Structure verification (CHECK)


The command CHECK will bring you to the CHECK menu. This menu holds options that all check one or more aspects of protein structures. Most checks determine exceptional situations, like for example a contact that is seldomly seen in the database, but also hard errors, like for example a wrong SCALE matrix in a PDB file can be detected.

Several of the commands in this menu are also executable from another menu. For example CHICHK evaluates and checks torsion angles. This option can also be called as EVACHI from the CHIANG (torsion angle) menu.

A few options in the check menu are so called 'terminal' options. That means that they can destroy the status of the soup, and will definitely leave WHAT IF in an undefined state after the option finished.

There is a complete description of the output of all checks on the World wide web at:
Please have a look at those documents if anything is unclear.

X-ray or NMR?

These checks were written for X-ray structures, but most of them work perfectly fine for NMR structures. Interpretation of the results might be different, though, and our experience with NMR structures is limited.

Most checks will automatically generate a table of values for each individual model if a multiple model NMR structure is checked.

Completely checking a protein (FULCHK)

The command FULCHK will cause WHAT IF to write a complete report about a protein structure. You will get the output in LaTeX format in a file "pdbout.tex", and in plain text format in "pdbout.txt". Obviously pictures can only be given in the LaTeX output. If you want to use the LaTeX output, you will need the latex program and some others. For your convenience suitable versions of these programs are archived on our anonymous ftp site "" in the directory "/whatif/support".

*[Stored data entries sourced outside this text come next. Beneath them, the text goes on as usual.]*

Lemma fvec_cmp (X Y : C) (f : mhom munit X) (h : mhom X Y) :
  fvec (cmp f h) = fvec f *m fhom F h.
Proof. by rewrite /fvec fhom_cmp mulmxA. Qed.

Lemma fvec_fcovec (X : C) (f : mhom munit X) (g : mhom X munit) :
  fvec f *m (fcovec g)^T = unit_scalar F (cmp f g).
Proof. by rewrite /fvec /fcovec trmxK /unit_scalar fhom_cmp !mulmxA. Qed.

Lemma fphi0_tens :
  tensmx (fphi0 F) (fphi0 F) *m fJ F munit munit = fphi0 F *m fhom F (lu_inv munit).
Proof.
have := congr1 (mulmx (tensmx (1%:M : 'M_1) (fphi0 F))) (f_lu F munit).
rewrite tens1mx_idmx_cast !mulmxA tensmx_mul mul1mx mulmx1 => lu_phi0.
by rewrite -[in RHS]lu_phi0 -[RHS]mulmxA (fhom_inv (lu_iso1 _)) mulmx1.
Qed.

Lemma fvec_tens (X Y : C) (f : mhom munit X) (f' : mhom munit Y) :
  tensmx (fvec f) (fvec f') *m fJ F X Y = fvec (cmp (lu_inv munit) (tensh f f')).
Proof. by rewrite /fvec -tensmx_mul -mulmxA fJ_nat mulmxA fphi0_tens fhom_cmp mulmxA. Qed.

Lemma tens1mx_fvec (X Y : C) (h : mhom munit Y) :
  idmx_cast K (F X) (F X * 1) *m tensmx 1%:M (fvec h) *m fJ F X Y
  = fhom F (cmp (ru_inv X) (tensh (idm X) h)).
Proof.
by rewrite fhom_cmp fhom_ru_inv /fvec tens1mxM -!mulmxA -fJ_natr.
Qed.

Lemma fhom_snake (X Y : C) (ev : mhom (tens X Y) munit) (coev : mhom munit (tens Y X)) :
  fhom F (cmp (ru_inv X) (cmp (tensh (idm X) coev)
           (cmp (assoc_inv X Y X) (cmp (tensh ev (idm X)) (lu X)))))
  = idmx_cast K (F X) (F X * 1) *m tensmx 1%:M (fphi0 F *m fhom F coev *m fJ_inv F Y X)
      *m idmx_cast K (F X * (F Y * F X)) (F X * F Y * F X)
      *m tensmx (fJ F X Y *m fhom F ev *m fphi0_inv F) 1%:M *m vlu K (F X).
Proof.
set c := fphi0 F *m fhom F coev *m fJ_inv F Y X.
have coev_step : fhom F (ru_inv X) *m fhom F (tensh (idm X) coev)
    = idmx_cast K (F X) (F X * 1) *m tensmx 1%:M c *m tensmx 1%:M (fJ F Y X)
        *m fJ F X (tens Y X).
  rewrite fhom_ru_inv -(mulmxA _ (fJ F X munit)) fJ_natr mulmxA.
  rewrite -(mulmxA _ (tensmx 1%:M (fphi0 F))).
  have -> : fhom F coev = fhom F coev *m fJ_inv F Y X *m fJ F Y X.
    by rewrite -mulmxA fJ_iso2 mulmx1.
  by rewrite -tens1mxM !mulmxA tens1mxM mulmxA.
have ev_step : tensmx (fJ F X Y) 1%:M *m fJ F (tens X Y) X *m fhom F (tensh ev (idm X))
    *m fhom F (lu X) = tensmx (fJ F X Y *m fhom F ev *m fphi0_inv F) 1%:M *m vlu K (F X).
  rewrite -(mulmxA _ (fJ F (tens X Y) X)) fJ_natl !mulmxA.
  by rewrite -(mulmxA _ (fJ F munit X)) fJ_lu !mulmxA -!tensmxM1.
rewrite !fhom_cmp !mulmxA coev_step.
rewrite -2![in LHS](mulmxA (_ *m tensmx 1%:M c)) fJ_assoc_inv !mulmxA.
by rewrite -3![in LHS](mulmxA (_ *m idmx_cast K _ _)) ev_step !mulmxA.
Qed.

End MonoidalFunctor.

Section NondegenerateFunctor.
Variables (K : fieldType) (C : MonCat) (F : MonFun C K).
Hypothesis F_nondeg : fun_nondegenerate F.

Lemma fvec_spanned (X : C) : spanned (@fvec K C F X) 1%:M.
Proof.
apply: spanned_rows => i; have [s ->] := F_nondeg (row i 1%:M).
by apply: spanned_sum => p; apply/spanned_scale/spanned_single.
Qed.

Lemma fvec_ext (X : C) p (M1 M2 : 'M[K]_(F X, p)) :
  (forall f, fvec F f *m M1 = fvec F f *m M2) -> M1 = M2.
Proof.
move=> eqM; have [N [fs /submxP [P oneP]]] := fvec_spanned X.
rewrite -(mul1mx M1) -(mul1mx M2) oneP -!mulmxA; congr (_ *m _).
by apply/row_matrixP => k; rewrite !row_mul row_family_mx.
Qed.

To use the LaTeX output, you can type:

latex pdbout           (to reformat the file)
xdvi pdbout            (to preview the output)
dvips pdbout           (to make postscript output)
lpr          (or a similar command, to print the postscript file)
A maximum of 100 lines will be given in any table. If more than 100 problems should be listed, the table is truncated at 50 lines, and the total number of lines is written at the bottom. Since most tables are sorted such that the worst numbers are at the top, this should not be a problem. If you want to see the whole list anyway, you can get it sometimes by running the individual check while creating a logfile (see DOLOG), or in any case by setting WHAT IF parameter 593 (the limit of the number of lines in a table) to a higher value (see SETWIF).

FULCHK is a terminal option. That means that you can not run FULCHK just in the middle of a WHAT IF session. You run FULCHK on one molecule, preferably in a "fresh" WHAT IF. After FULCHK finished, you are immediately asked to terminate the session with FULLSTOP.

Running only a subset of the checks (FSTCHK)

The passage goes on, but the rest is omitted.